«К чему он все это говорит? — с тревогой думал Хатам. — Что он хочет этим сказать? Или испытывает меня? Но ведь правду сказал Ходжа, в кармане у меня ни гроша, мне ли мечтать о женитьбе. Или этот калека человеколюбив и болеет душой за других людей? Если его отец построил мечеть, то… то… может, он намеревается женить меня за свой счет? За счет моей службы ему? Хочет проявить обо мне отеческую заботу, хочет быть мне отцом? Он — калека, зачем ему одному такие богатства?»
Тут перед мысленным взором юноши опять возникла та девушка с молниевидным взглядом и опять этот, вспомнившийся взгляд опалил юношу, как огнем.
— Вы совершенно правы, — вступил в разговор Ходжа, — все сущее на свете, а в особенности человек, живет для детей.
После некоторого молчания Додхудай продолжал говорить:
— Мой досточтимый Ходжа-ишан, должно быть, сказал тебе, что я — калека и лишен не только этих радостей, но даже и мыслей о них.

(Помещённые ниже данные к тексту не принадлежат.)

(* Let $\hat\theta$ be the maximum likelihood estimate of an ordered real sample $x_1 < x_2 < \dots < x_n$ from the Cauchy distribution, and let $F(x;\theta) = \int_{-\infty}^x f(y;\theta)\,dy$ be the Cauchy distribution function. Then: (i) if $n = 3$, $F(x_3;\hat\theta) + F(x_1;\hat\theta) = 2F(x_2;\hat\theta)$; (ii) if $n = 4$, $F(x_3;\hat\theta) - F(x_1;\hat\theta) = F(x_4;\hat\theta) - F(x_2;\hat\theta) = 1/2$.
   Context: $\mathbb{H} = \{\theta\in\mathbb{C}:\Im\theta>0\}$. For $\theta = \mu+i\sigma\in\mathbb{H}$, $f(x;\theta) = \frac{\sigma}{\pi}\frac{1}{(x-\mu)^2+\sigma^2}$ is the Cauchy density. The maximum likelihood estimate $\hat\theta$ is the unique maximizer over $\mathbb{H}$ of $\prod_{j=1}^n f(x_j;\theta)$. *)

From Stdlib Require Import Reals List.
From Coquelicot Require Import Coquelicot.
Open Scope R_scope.

(* A parameter theta = mu + i sigma in the upper half-plane H is represented
   by the pair of reals (mu, sigma) with 0 < sigma. *)

Definition cauchy_pdf (mu sigma x : R) : R :=
  sigma / PI * / ((x - mu) ^ 2 + sigma ^ 2).

Definition likelihood (xs : list R) (mu sigma : R) : R :=
  fold_right (fun x acc => cauchy_pdf mu sigma x * acc) 1 xs.

Definition is_lik_maximizer (xs : list R) (mu sigma : R) : Prop :=
  0 < sigma /\
  forall mu' sigma', 0 < sigma' -> likelihood xs mu' sigma' <= likelihood xs mu sigma.

Definition is_MLE (xs : list R) (mu sigma : R) : Prop :=
  is_lik_maximizer xs mu sigma /\
  forall mu' sigma', is_lik_maximizer xs mu' sigma' -> mu' = mu /\ sigma' = sigma.

Definition cauchy_cdf (mu sigma x : R) : R :=
  RInt_gen (cauchy_pdf mu sigma) (Rbar_locally m_infty) (at_point x).

From Stdlib Require Import Reals List Lra.
From Coquelicot Require Import Coquelicot.
Import ListNotations.
Open Scope R_scope.

(* Writing u = (x - mu) / sigma and theta = 2 atan u, the Cauchy distribution
   function is (theta + PI) / (2 PI), and the two likelihood equations
   (derivatives in mu and in sigma) say that sum_j sin theta_j = 0 and
   sum_j cos theta_j = 0, i.e. that the unit vectors e^(i theta_j) sum to 0.
   Three unit vectors with zero sum are spaced 2 PI / 3 apart; four split into
   two antipodal pairs, and since the angles increase with x inside an arc of
   length 2 PI, theta_3 = theta_1 + PI and theta_4 = theta_2 + PI. *)

Lemma cos_eq_0_2PI x y : 0 < x < 2 * PI -> 0 < y < 2 * PI ->
  cos x = cos y -> x = y \/ x + y = 2 * PI.
Proof.
  intros Hx Hy E.
  assert (Z : sin ((x - y) / 2) * sin ((x + y) / 2) = 0).
  { pose proof (form2 x y) as F. lra. }
  apply Rmult_integral in Z as [Z | Z].
  - left.
    destruct (Rtotal_order x y) as [Hlt | [Heq | Hgt]]; auto.
    + pose proof (sin_lt_0_var ((x - y) / 2)). lra.
    + pose proof (sin_gt_0 ((x - y) / 2)). lra.
  - right. apply sin_eq_O_2PI_0 in Z; lra.
Qed.

Lemma norm2_sum_unit a b :
  (cos a + cos b) ^ 2 + (sin a + sin b) ^ 2 = 2 + 2 * cos (b - a).
Proof.
  rewrite cos_minus. pose proof (sin2_cos2 a). pose proof (sin2_cos2 b).
  unfold Rsqr in *. nra.
Qed.

Lemma cos_diff_opposite a b c d :
  cos a + cos b + cos c + cos d = 0 -> sin a + sin b + sin c + sin d = 0 ->
  cos (b - a) = cos (d - c).
Proof.
  intros Hc Hs.
  pose proof (norm2_sum_unit a b). pose proof (norm2_sum_unit c d).
  replace (cos a + cos b) with (- (cos c + cos d)) in * by lra.
  replace (sin a + sin b) with (- (sin c + sin d)) in * by lra.
  nra.
Qed.

Lemma unit3_sum0_cos_diff a b c :
  cos a + cos b + cos c = 0 -> sin a + sin b + sin c = 0 -> cos (b - a) = - 1 / 2.
Proof.
  intros Hc Hs.
  pose proof (norm2_sum_unit a b) as N. pose proof (sin2_cos2 c).
  replace (cos a + cos b) with (- cos c) in N by lra.
  replace (sin a + sin b) with (- sin c) in N by lra.
  unfold Rsqr in *. nra.
Qed.

Lemma unit3_sum0_equispaced a b c : a < b -> b < c -> c - a < 2 * PI ->
  cos a + cos b + cos c = 0 -> sin a + sin b + sin c = 0 ->
  b - a = 2 * PI / 3 /\ c - b = 2 * PI / 3.
Proof.
  intros Hab Hbc Hca Hc Hs. pose proof PI_RGT_0.
  assert (Eab : cos (b - a) = cos (2 * (PI / 3))).
  { rewrite cos_2PI3. now apply (unit3_sum0_cos_diff a b c). }
  assert (Ebc : cos (c - b) = cos (2 * (PI / 3))).
  { rewrite cos_2PI3. apply (unit3_sum0_cos_diff b c a); lra. }
  apply cos_eq_0_2PI in Eab; [| lra | lra].
  apply cos_eq_0_2PI in Ebc; lra.
Qed.

Lemma unit4_sum0_antipodal a b c d : a < b -> b < c -> c < d -> d - a < 2 * PI ->
  cos a + cos b + cos c + cos d = 0 -> sin a + sin b + sin c + sin d = 0 ->
  c - a = PI /\ d - b = PI.
Proof.
  intros Hab Hbc Hcd Hda Hc Hs.
  (* With gaps p = b - a, q = c - b, r = d - c: first p = r, then
     cos (p + q + r) = cos q forces p + q + r + q = 2 PI. *)
  assert (Eout : b - a = d - c).
  { apply cos_diff_opposite in Hs; auto.
    apply cos_eq_0_2PI in Hs; lra. }
  assert (Ein : cos (d - a) = cos (c - b)).
  { apply (cos_diff_opposite a d b c); lra. }
  apply cos_eq_0_2PI in Ein; lra.
Qed.

Lemma cauchy_den_pos mu sigma x : 0 < sigma -> 0 < (x - mu) ^ 2 + sigma ^ 2.
Proof. intros Hs. pose proof (pow2_ge_0 (x - mu)). nra. Qed.

Definition cauchy_angle (mu sigma x : R) : R := 2 * atan ((x - mu) / sigma).

Lemma cauchy_angle_bound mu sigma x : - PI < cauchy_angle mu sigma x < PI.
Proof. unfold cauchy_angle. pose proof (atan_bound ((x - mu) / sigma)). lra. Qed.

Lemma cauchy_angle_increasing mu sigma x y : 0 < sigma -> x < y ->
  cauchy_angle mu sigma x < cauchy_angle mu sigma y.
Proof.
  intros Hs Hxy. unfold cauchy_angle.
  enough (atan ((x - mu) / sigma) < atan ((y - mu) / sigma)) by lra.
  apply atan_increasing, Rmult_lt_compat_r; [apply Rinv_0_lt_compat |]; lra.
Qed.

Lemma cos_2atan u : cos (2 * atan u) = (1 - u ^ 2) / (1 + u ^ 2).
Proof.
  assert (Hu : 0 < 1 + u²) by (unfold Rsqr; nra).
  rewrite cos_2a, cos_atan, sin_atan.
  pose proof (sqrt_sqrt _ (Rlt_le _ _ Hu)). pose proof (sqrt_lt_R0 _ Hu).
  unfold Rsqr in *. field_simplify; [| lra | nra].
  replace (sqrt (1 + u * u) ^ 2) with (1 + u * u) by nra. field. nra.
Qed.

Lemma sin_2atan u : sin (2 * atan u) = 2 * u / (1 + u ^ 2).
Proof.
  assert (Hu : 0 < 1 + u²) by (unfold Rsqr; nra).
  rewrite sin_2a, cos_atan, sin_atan.
  pose proof (sqrt_sqrt _ (Rlt_le _ _ Hu)). pose proof (sqrt_lt_R0 _ Hu).
  unfold Rsqr in *. field_simplify; [| lra | nra].
  replace (sqrt (1 + u * u) ^ 2) with (1 + u * u) by nra. field. nra.
Qed.

Lemma is_derive_cauchy_angle mu sigma x : 0 < sigma ->
  is_derive (cauchy_angle mu sigma) x (2 * PI * cauchy_pdf mu sigma x).
Proof.
  intros Hs. unfold cauchy_angle, cauchy_pdf. pose proof PI_RGT_0.
  pose proof (cauchy_den_pos mu sigma x Hs) as Hd.
  auto_derive; [lra |].
  unfold Rsqr. field. split; [apply Rgt_not_eq; exact Hd | lra].
Qed.

Lemma atan_lim_m_infty : filterlim atan (Rbar_locally m_infty) (locally (- PI / 2)).
Proof.
  intros P [eps HP]. pose proof PI_RGT_0.
  set (e := Rmin eps PI).
  assert (He : 0 < e <= eps /\ e <= PI)
    by (split; [split; [apply Rmin_pos; [apply cond_pos | lra] | apply Rmin_l] | apply Rmin_r]).
  exists (tan (- PI / 2 + e / 2)). intros x Hx. apply HP.
  assert (atan x < - PI / 2 + e / 2).
  { rewrite <- (atan_tan (- PI / 2 + e / 2)) by lra. now apply atan_increasing. }
  pose proof (atan_bound x).
  change (Rabs (atan x - - PI / 2) < eps). rewrite Rabs_right; lra.
Qed.

Lemma cauchy_angle_lim_m_infty mu sigma : 0 < sigma ->
  filterlim (cauchy_angle mu sigma) (Rbar_locally m_infty) (locally (- PI)).
Proof.
  intros Hs. unfold cauchy_angle.
  replace (- PI) with (2 * (- PI / 2)) by field.
  apply (filterlim_comp _ _ _ (fun x => atan ((x - mu) / sigma)) (fun a => 2 * a)
           _ (locally (- PI / 2))).
  - apply (filterlim_comp _ _ _ (fun x => (x - mu) / sigma) atan _ (Rbar_locally m_infty)).
    + intros P [M HM]. exists (mu + sigma * M). intros x Hx. apply HM.
      apply (Rmult_lt_reg_r sigma); auto. unfold Rdiv. rewrite Rmult_assoc, Rinv_l; lra.
    + exact atan_lim_m_infty.
  - apply (continuous_mult (fun _ => 2) (fun a => a)).
    + apply continuous_const.
    + apply continuous_id.
Qed.

Lemma continuous_cauchy_pdf mu sigma x : 0 < sigma -> continuous (cauchy_pdf mu sigma) x.
Proof.
  intros Hs. apply (ex_derive_continuous (V := R_NormedModule)).
  unfold cauchy_pdf. auto_derive.
  apply Rgt_not_eq, cauchy_den_pos, Hs.
Qed.

Lemma cauchy_cdf_angle mu sigma x : 0 < sigma ->
  cauchy_cdf mu sigma x = (cauchy_angle mu sigma x + PI) / (2 * PI).
Proof.
  intros Hs. pose proof PI_RGT_0.
  set (F t := (cauchy_angle mu sigma t + PI) / (2 * PI)).
  change (cauchy_cdf mu sigma x = F x).
  assert (HF : forall t, is_derive F t (cauchy_pdf mu sigma t)).
  { intros t.
    replace (cauchy_pdf mu sigma t) with (2 * PI * cauchy_pdf mu sigma t * / (2 * PI))
      by (field; lra).
    apply (is_derive_comp (fun a => (a + PI) / (2 * PI)) (cauchy_angle mu sigma)).
    - auto_derive; [exact I | field; lra].
    - now apply is_derive_cauchy_angle. }
  assert (HF0 : filterlim F (Rbar_locally m_infty) (locally 0)).
  { replace 0 with ((- PI + PI) / (2 * PI)) by (field; lra).
    apply (filterlim_comp _ _ _ (cauchy_angle mu sigma) (fun a => (a + PI) / (2 * PI))
             _ (locally (- PI))).
    - now apply cauchy_angle_lim_m_infty.
    - apply (ex_derive_continuous (V := R_NormedModule) (fun a => (a + PI) / (2 * PI))).
      auto_derive. exact I. }
  unfold cauchy_cdf. apply is_RInt_gen_unique.
  replace (F x) with (F x - 0) by ring.
  apply (is_RInt_gen_ext (Derive F)).
  - apply filter_forall. intros. now apply is_derive_unique.
  - apply is_RInt_gen_Derive; auto.
    + apply filter_forall. intros. eexists. apply HF.
    + apply filter_forall. intros. apply continuous_ext with (cauchy_pdf mu sigma).
      * intros t. symmetry. now apply is_derive_unique.
      * now apply continuous_cauchy_pdf.
    + intros P HP. exact (locally_singleton _ _ HP).
Qed.

Definition sum_over (xs : list R) (h : R -> R) : R :=
  fold_right (fun x acc => h x + acc) 0 xs.

Lemma sum_over_scal xs c h : sum_over xs (fun x => c * h x) = c * sum_over xs h.
Proof.
  induction xs as [| x xs IH]; simpl; [ring |].
  change (c * h x + sum_over xs (fun x => c * h x) = c * (h x + sum_over xs h)).
  rewrite IH. ring.
Qed.

Lemma is_derive_fold_prod (f : R -> R -> R) (g : R -> R) xs t :
  (forall x, is_derive (fun s => f s x) t (f t x * g x)) ->
  is_derive (fun s => fold_right (fun x acc => f s x * acc) 1 xs) t
    (fold_right (fun x acc => f t x * acc) 1 xs * sum_over xs g).
Proof.
  intros Hf. induction xs as [| x xs IH]; simpl.
  - replace (1 * 0) with 0 by ring.
    apply (is_derive_const (K := R_AbsRing) (V := R_NormedModule)).
  - set (P := fold_right (fun x acc => f t x * acc) 1 xs) in *.
    replace (f t x * P * (g x + sum_over xs g))
      with (plus (mult (f t x * g x) P) (mult (f t x) (P * sum_over xs g)))
      by (unfold plus, mult; simpl; ring).
    apply (is_derive_mult (fun s => f s x)); auto. exact Rmult_comm.
Qed.

Lemma is_derive_cauchy_pdf_loc mu sigma x : 0 < sigma ->
  is_derive (fun m => cauchy_pdf m sigma x) mu
    (cauchy_pdf mu sigma x * (/ sigma * sin (cauchy_angle mu sigma x))).
Proof.
  intros Hs. pose proof PI_RGT_0.
  pose proof (cauchy_den_pos mu sigma x Hs) as Hd.
  unfold cauchy_angle. rewrite sin_2atan. unfold cauchy_pdf.
  auto_derive; [apply Rgt_not_eq; exact Hd |].
  field. repeat split; lra.
Qed.

Lemma is_derive_cauchy_pdf_scale mu sigma x : 0 < sigma ->
  is_derive (fun s => cauchy_pdf mu s x) sigma
    (cauchy_pdf mu sigma x * (- / sigma * cos (cauchy_angle mu sigma x))).
Proof.
  intros Hs. pose proof PI_RGT_0.
  pose proof (cauchy_den_pos mu sigma x Hs) as Hd.
  unfold cauchy_angle. rewrite cos_2atan. unfold cauchy_pdf.
  auto_derive; [apply Rgt_not_eq; exact Hd |].
  field. repeat split; lra.
Qed.

Lemma likelihood_pos xs mu sigma : 0 < sigma -> 0 < likelihood xs mu sigma.
Proof.
  intros Hs. pose proof PI_RGT_0.
  induction xs as [| x xs IH]; simpl; [lra |].
  apply Rmult_lt_0_compat; auto. unfold cauchy_pdf.
  apply Rmult_lt_0_compat; [apply Rdiv_lt_0_compat; auto |].
  apply Rinv_0_lt_compat, cauchy_den_pos, Hs.
Qed.

Lemma is_derive_local_max (g : R -> R) a b t l : a < t < b ->
  is_derive g t l -> (forall y, a < y < b -> g y <= g t) -> l = 0.
Proof.
  intros Ht Hd Hmax. apply is_derive_Reals in Hd.
  apply (deriv_maximum g a b t (exist _ l Hd)); try lra.
  intros y Hay Hyb. now apply Hmax.
Qed.

Lemma lik_maximizer_balanced xs mu sigma : is_lik_maximizer xs mu sigma ->
  sum_over xs (fun x => cos (cauchy_angle mu sigma x)) = 0 /\
  sum_over xs (fun x => sin (cauchy_angle mu sigma x)) = 0.
Proof.
  intros [Hs Hmax].
  assert (Cancel : forall c S, c <> 0 -> likelihood xs mu sigma * c * S = 0 -> S = 0).
  { intros c S Hc E. pose proof (likelihood_pos xs mu sigma Hs).
    apply Rmult_integral in E as [E | E]; [| exact E].
    apply Rmult_integral in E as [E | E]; lra. }
  assert (Hinv : / sigma <> 0) by (apply Rinv_neq_0_compat; lra).
  split.
  - apply (Cancel (- / sigma)); [lra |].
    rewrite Rmult_assoc, <- sum_over_scal.
    apply (is_derive_local_max (fun s => likelihood xs mu s) 0 (2 * sigma) sigma); [lra | |].
    + apply is_derive_fold_prod. intros x. now apply is_derive_cauchy_pdf_scale.
    + intros s Hs'. apply Hmax. lra.
  - apply (Cancel (/ sigma)); [exact Hinv |].
    rewrite Rmult_assoc, <- sum_over_scal.
    apply (is_derive_local_max (fun m => likelihood xs m sigma) (mu - 1) (mu + 1) mu); [lra | |].
    + apply is_derive_fold_prod. intros x. now apply is_derive_cauchy_pdf_loc.
    + intros m _. now apply Hmax.
Qed.

Theorem mainTheorem12 :
  (forall (x1 x2 x3 mu sigma : R),
      x1 < x2 -> x2 < x3 ->
      is_MLE [x1; x2; x3] mu sigma ->
      cauchy_cdf mu sigma x3 + cauchy_cdf mu sigma x1 = 2 * cauchy_cdf mu sigma x2)
  /\
  (forall (x1 x2 x3 x4 mu sigma : R),
      x1 < x2 -> x2 < x3 -> x3 < x4 ->
      is_MLE [x1; x2; x3; x4] mu sigma ->
      cauchy_cdf mu sigma x3 - cauchy_cdf mu sigma x1 = 1 / 2 /\
      cauchy_cdf mu sigma x4 - cauchy_cdf mu sigma x2 = 1 / 2).
Proof.
  pose proof PI_RGT_0.
  split.
  - intros x1 x2 x3 mu sigma H12 H23 [Hmax _].
    pose proof (proj1 Hmax) as Hs.
    destruct (lik_maximizer_balanced _ _ _ Hmax) as [Hcos Hsin].
    cbn [sum_over fold_right] in Hcos, Hsin.
    pose proof (cauchy_angle_bound mu sigma x1). pose proof (cauchy_angle_bound mu sigma x3).
    destruct (unit3_sum0_equispaced (cauchy_angle mu sigma x1) (cauchy_angle mu sigma x2)
                (cauchy_angle mu sigma x3)) as [E12 E23];
      auto using cauchy_angle_increasing; try lra.
    rewrite !cauchy_cdf_angle by exact Hs.
    replace (cauchy_angle mu sigma x3)
      with (2 * cauchy_angle mu sigma x2 - cauchy_angle mu sigma x1) by lra.
    field. lra.
  - intros x1 x2 x3 x4 mu sigma H12 H23 H34 [Hmax _].
    pose proof (proj1 Hmax) as Hs.
    destruct (lik_maximizer_balanced _ _ _ Hmax) as [Hcos Hsin].
    cbn [sum_over fold_right] in Hcos, Hsin.
    pose proof (cauchy_angle_bound mu sigma x1). pose proof (cauchy_angle_bound mu sigma x4).
    destruct (unit4_sum0_antipodal (cauchy_angle mu sigma x1) (cauchy_angle mu sigma x2)
                (cauchy_angle mu sigma x3) (cauchy_angle mu sigma x4)) as [E13 E24];
      auto using cauchy_angle_increasing; try lra.
    rewrite !cauchy_cdf_angle by exact Hs.
    replace (cauchy_angle mu sigma x3) with (cauchy_angle mu sigma x1 + PI) by lra.
    replace (cauchy_angle mu sigma x4) with (cauchy_angle mu sigma x2 + PI) by lra.
    split; field; lra.
Qed.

Да, нет и не будет мне в жизни никаких услад. Ни счастья, ни детей. Мое богатство — это мечты, надежды и желанья, которым никогда не исполниться.
Глаза Додхудая наполнились слезами, он не смог больше говорить, будто к горлу у него подкатил комок. Ходжа быстро схватил чайник и поднес к губам калеки. Потом вытер слезы Додхудаю, а вслед за ним и себе. Воцарилась гнетущая тишина. Хатам терзался, взглядывая исподлобья то на калеку, то на Ходжу. За это краткое, печальное мгновение о многом подумал юноша. «А я-то считал, — думал он, — что один я на свете несчастный. Оказывается, есть еще более несчастные и горемычные люди! Бог дал этому смиренному мусульманину богатства, а вот счастья, оказывается, не дал!».
Тишину снова нарушил сам Додхудай.
— А ничего не говорил тебе мой Ходжа-ишан о твоей службе здесь?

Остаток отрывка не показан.